Venimos de ahí, exactamente de ahí, y el cine es un medio excelente para retratarlo. En aquel tiempo, principio de los 2000, mucha gente no creyó a Nevenka y la atacó severamente. Ella tuvo que salir de España, donde no encontró trabajo. Pero es que en 2011, Ismael Álvarez, ya expulsado del PP y con su propio partido, sacó once concejales en las elecciones municipales. Y, más reciente aún, el ayuntamiento de Ponferrada no contestó a la petición del equipo de la película de rodar el filme en sus calles. España ha cambiado en materia de igualdad, pero tenemos, sin duda, mucho que avanzar. También por eso seguido la necesitando películas como esta.
La película también muestra que hubo gente buena que ayudó a Nevenka, personas que se pusieron de su lado e estuvieron en el lado correcto de la historia, como su actual pareja, Lucas (Roberto Gómez) o como Charo Velasco (Lucía Veiga), la concejal del PSOE, líder de la oposición, que renunció a hacer política con este tema y apoyó a Nevenka Fernández. También se retrata a gente con actitudes execrables como el fiscal del caso, José Luis García Ancos, que le hizo preguntas impresentables con un tono inquisitorial a la víctima, como si fuera la acusada.

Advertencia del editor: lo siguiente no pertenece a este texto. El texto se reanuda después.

Theorem proposition8p3
  (G : Type) (mul : G -> G -> G) (inv : G -> G) (e : G)
  (HG : is_group mul inv e)
  (X : Type) (op : (X -> Prop) -> Prop) (act : G -> X -> X)
  (Hflow : is_flow mul e op act)
  (Hmin : minimal_flow op act)
  (Hess : essentially_free e op act) :
  SG_free e op act /\
  (countable_type G ->
    exists (Z : Type) (opZ : (Z -> Prop) -> Prop) (actZ : G -> Z -> Z),
      SG_factor mul inv e op act opZ actZ /\ metrizable opZ /\ free_flow e actZ).
Proof.
  split; [exact (SG_free_of_essentially_free G mul inv e HG X op act Hflow Hess)|].
  intros [f f_onto].
  destruct (family_invariant G mul inv e HG X op act Hflow Hess f f_onto)
    as [b [shift [b_RO [b_shift b_cover]]]].
  destruct (trace_factor G mul inv e HG X op act Hflow b shift b_RO b_shift) as [factor metr].
  exists (TSpace X op b), (TOpen X op b), (TAct G mul inv e HG X op act Hflow b shift b_shift).
  split; [exact factor|split; [exact metr|]].
  exact (trace_free G mul inv e HG X op act Hflow b shift b_shift b_cover).
Qed.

La película aporta algo distinto al documental sobre este caso que estrenó hace unos años Ana Pastor, y que sin duda también es muy notable y ayudó y recordar aquella tremenda historia. Icíar Bollaín firma una película sensible que hace justicia, con buen pulso narrativo y con la función del cine social de trascender también el caso concreto que aborda para mostrar las costuras de una sociedad y un tiempo.
Hay una falacia muy extendida que dice que el tema que aborda una película no importa, porque debe ser juzgada específicamente por criterios estrictamente cinematográficos. Claro que una película con buenas intenciones que aborda un asunto importante puede no ser una buena película, y viceversa, pero es bastante mentirosa esa idea según la cual hay una línea perfectamente definida entre las emociones que despierta una película, siempre sospechosa para según qué críticos, y los criterios estrictamente cinematográficos. Eso es falso. Y menos mal, porque si así fuera, el cine y la cultura en general serían muy aburridos. La realidad siempre es más compleja. Lo cierto es que todo influye, pero no tiene sentido acercarse a una película, una novela o una obra de teatro como si fuéramos un científico en un laboratorio examinando unas muestras. Es bastante absurdo. Claro que importan los aspectos cinematográficos, dónde se pone la cámara, cómo se rueda la historia, el guión, las interpretaciones. Por supuesto. Pero la historia contada, la forma de acercarse a ella, lo que provoca en el espectador, importa y es indistinguible de esa supuesta e imposible mirada objetiva que valore a la película de forma aislada de lo que cuenta, de su toma de postura, del bien que hace, de cómo invita a la reflexión.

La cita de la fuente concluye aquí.